> [DIRECTIONS FOR THIS TASK] Only those lines running from the line that contains "measurable S -> measurable_fun setT Z -> (forall" through the end of the material are to be written out, each exactly as shown.
----
(* Unconfoundedness identifies the study-population contrast mu_1 - mu_0 with
   E(Y^1 - Y^0 | E = 1), and transport assumption (1) identifies nu with
   P(W = w | E = 1).  Splitting {E = 1} along {W = w} gives
   mu_1 - mu_0 = nu tau + (1 - nu) tau', where tau' is the effect on
   {W <> w, E = 1}; as Y^1 - Y^0 lies in [a - b, b - a], so do tau and tau', and
   solving for tau yields the two bounds. *)

Section bounded_integrals.
Context d (T : measurableType d) (R : realType) (Q : probability T R).
Implicit Types (S : set T) (f : T -> R) (lo hi : R).

Lemma integrable_bounded S f lo hi : measurable S -> measurable_fun setT f ->
  (forall t, lo <= f t <= hi) -> Q.-integrable S (EFin \o f).
Proof.
move=> mS mf fb; apply: measurable_bounded_integrable => //.
- by rewrite -ge0_fin_numE ?measure_ge0// fin_num_measure.
- exact: measurable_funTS.
rewrite /bounded_near; near=> M => t _ /=.
apply: le_trans (_ : `|lo| + `|hi| <= M).
  have /andP[flo fhi] := fb t.
  have := normr_ge0 lo; have := normr_ge0 hi.
  have := ler_norm hi; have := ler_norm (- lo); rewrite normrN ler_norml.
  by move=> *; apply/andP; split; lra.
by near: M; apply: nbhs_pinfty_ge; rewrite num_real.
Unshelve. all: by end_near.
Qed.

Lemma Rintegral_bounds S f lo hi : measurable S -> measurable_fun setT f ->
  (forall t, lo <= f t <= hi) ->
  lo * fine (Q S) <= \int[Q]_(x in S) f x <= hi * fine (Q S).
Proof.
move=> mS mf fb; have intf := integrable_bounded mS mf fb.
have intc c := finite_measure_integrable_cst Q c mS.
rewrite -!Rintegral_cst//; apply/andP; split; apply: le_Rintegral => //;
  try exact: intc; by move=> t _; have /andP[] := fb t.
Qed.

Lemma le_fine_measure S1 S2 : measurable S1 -> measurable S2 ->
  S1 `<=` S2 -> fine (Q S1) <= fine (Q S2).
Proof.
move=> mS1 mS2 S12; apply: fine_le; rewrite ?fin_num_measure//.
by apply: le_measure; rewrite ?inE.
Qed.

Lemma preimage_patch_outside S (Z : T -> R) lo (A : set R) :
  A `<=` [set y | lo <= y] ->
  patch (cst (lo - 1)) S Z @^-1` A = S `&` Z @^-1` A.
Proof.
move=> Alo; apply/seteqP; split => t /=; rewrite /patch.
  by case: ifPn => [/set_mem tS|_ /Alo/=]; [split|lra].
by case=> /mem_set ->.
Qed.

Lemma measurable_patch_cst S (Z : T -> R) c :
  measurable S -> measurable_fun setT Z ->
  measurable_fun setT (patch (cst c) S Z).
Proof.
move=> mS mZ; apply: measurable_fun_ifT => //.
apply: (measurable_fun_bool true).
rewrite setTI (_ : _ @^-1` _ = S)//.
by apply/seteqP; split=> t /=; [move/set_mem|move/mem_set].
Qed.

(* Sending the complement of S below lo turns an integral over S into one
   against a pushforward law on [lo, hi]; conditional laws of Z can then be
   compared as measures. *)
Lemma integral_patch_pushforward S (Z : T -> R) lo hi (f : R -> R) :
  measurable S -> measurable_fun setT Z -> (forall t, lo <= Z t <= hi) ->
  measurable_fun `[lo, hi] f -> (forall y, lo <= y <= hi -> 0 <= f y) ->
  (\int[Q]_(x in S) (f (Z x))%:E =
   \int[pushforward Q (patch (cst (lo - 1)%R) S Z)]_(y in `[lo, hi]) (f y)%:E)%E.
Proof.
move=> mS mZ Zb mf f0.
have mpatch := measurable_patch_cst (lo - 1) mS mZ.
rewrite (ge0_integral_pushforward mpatch)//; last 2 first.
- exact/measurable_EFinP.
- by move=> y /[!inE]/= /[!in_itv]/= /f0; rewrite lee_fin.
rewrite preimage_patch_outside; last first.
  by move=> y /=; rewrite in_itv/= => /andP[].
rewrite (_ : Z @^-1` _ = setT) ?setIT; last first.
  by apply/seteqP; split=> t //= _; rewrite in_itv/= Zb.
by apply: eq_integral => t /[!inE] tS /=; rewrite /patch mem_set.
Qed.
----
> [ANSWER SECTION]
  measurable S -> measurable_fun setT Z -> (forall t, lo <= Z t <= hi) ->
  measurable_fun `[lo, hi] f -> (forall y, lo <= y <= hi -> 0 <= f y) ->
  (\int[Q]_(x in S) (f (Z x))%:E =
   \int[pushforward Q (patch (cst (lo - 1)%R) S Z)]_(y in `[lo, hi]) (f y)%:E)%E.
Proof.
move=> mS mZ Zb mf f0.
have mpatch := measurable_patch_cst (lo - 1) mS mZ.
rewrite (ge0_integral_pushforward mpatch)//; last 2 first.
- exact/measurable_EFinP.
- by move=> y /[!inE]/= /[!in_itv]/= /f0; rewrite lee_fin.
rewrite preimage_patch_outside; last first.
  by move=> y /=; rewrite in_itv/= => /andP[].
rewrite (_ : Z @^-1` _ = setT) ?setIT; last first.
  by apply/seteqP; split=> t //= _; rewrite in_itv/= Zb.
by apply: eq_integral => t /[!inE] tS /=; rewrite /patch mem_set.
Qed.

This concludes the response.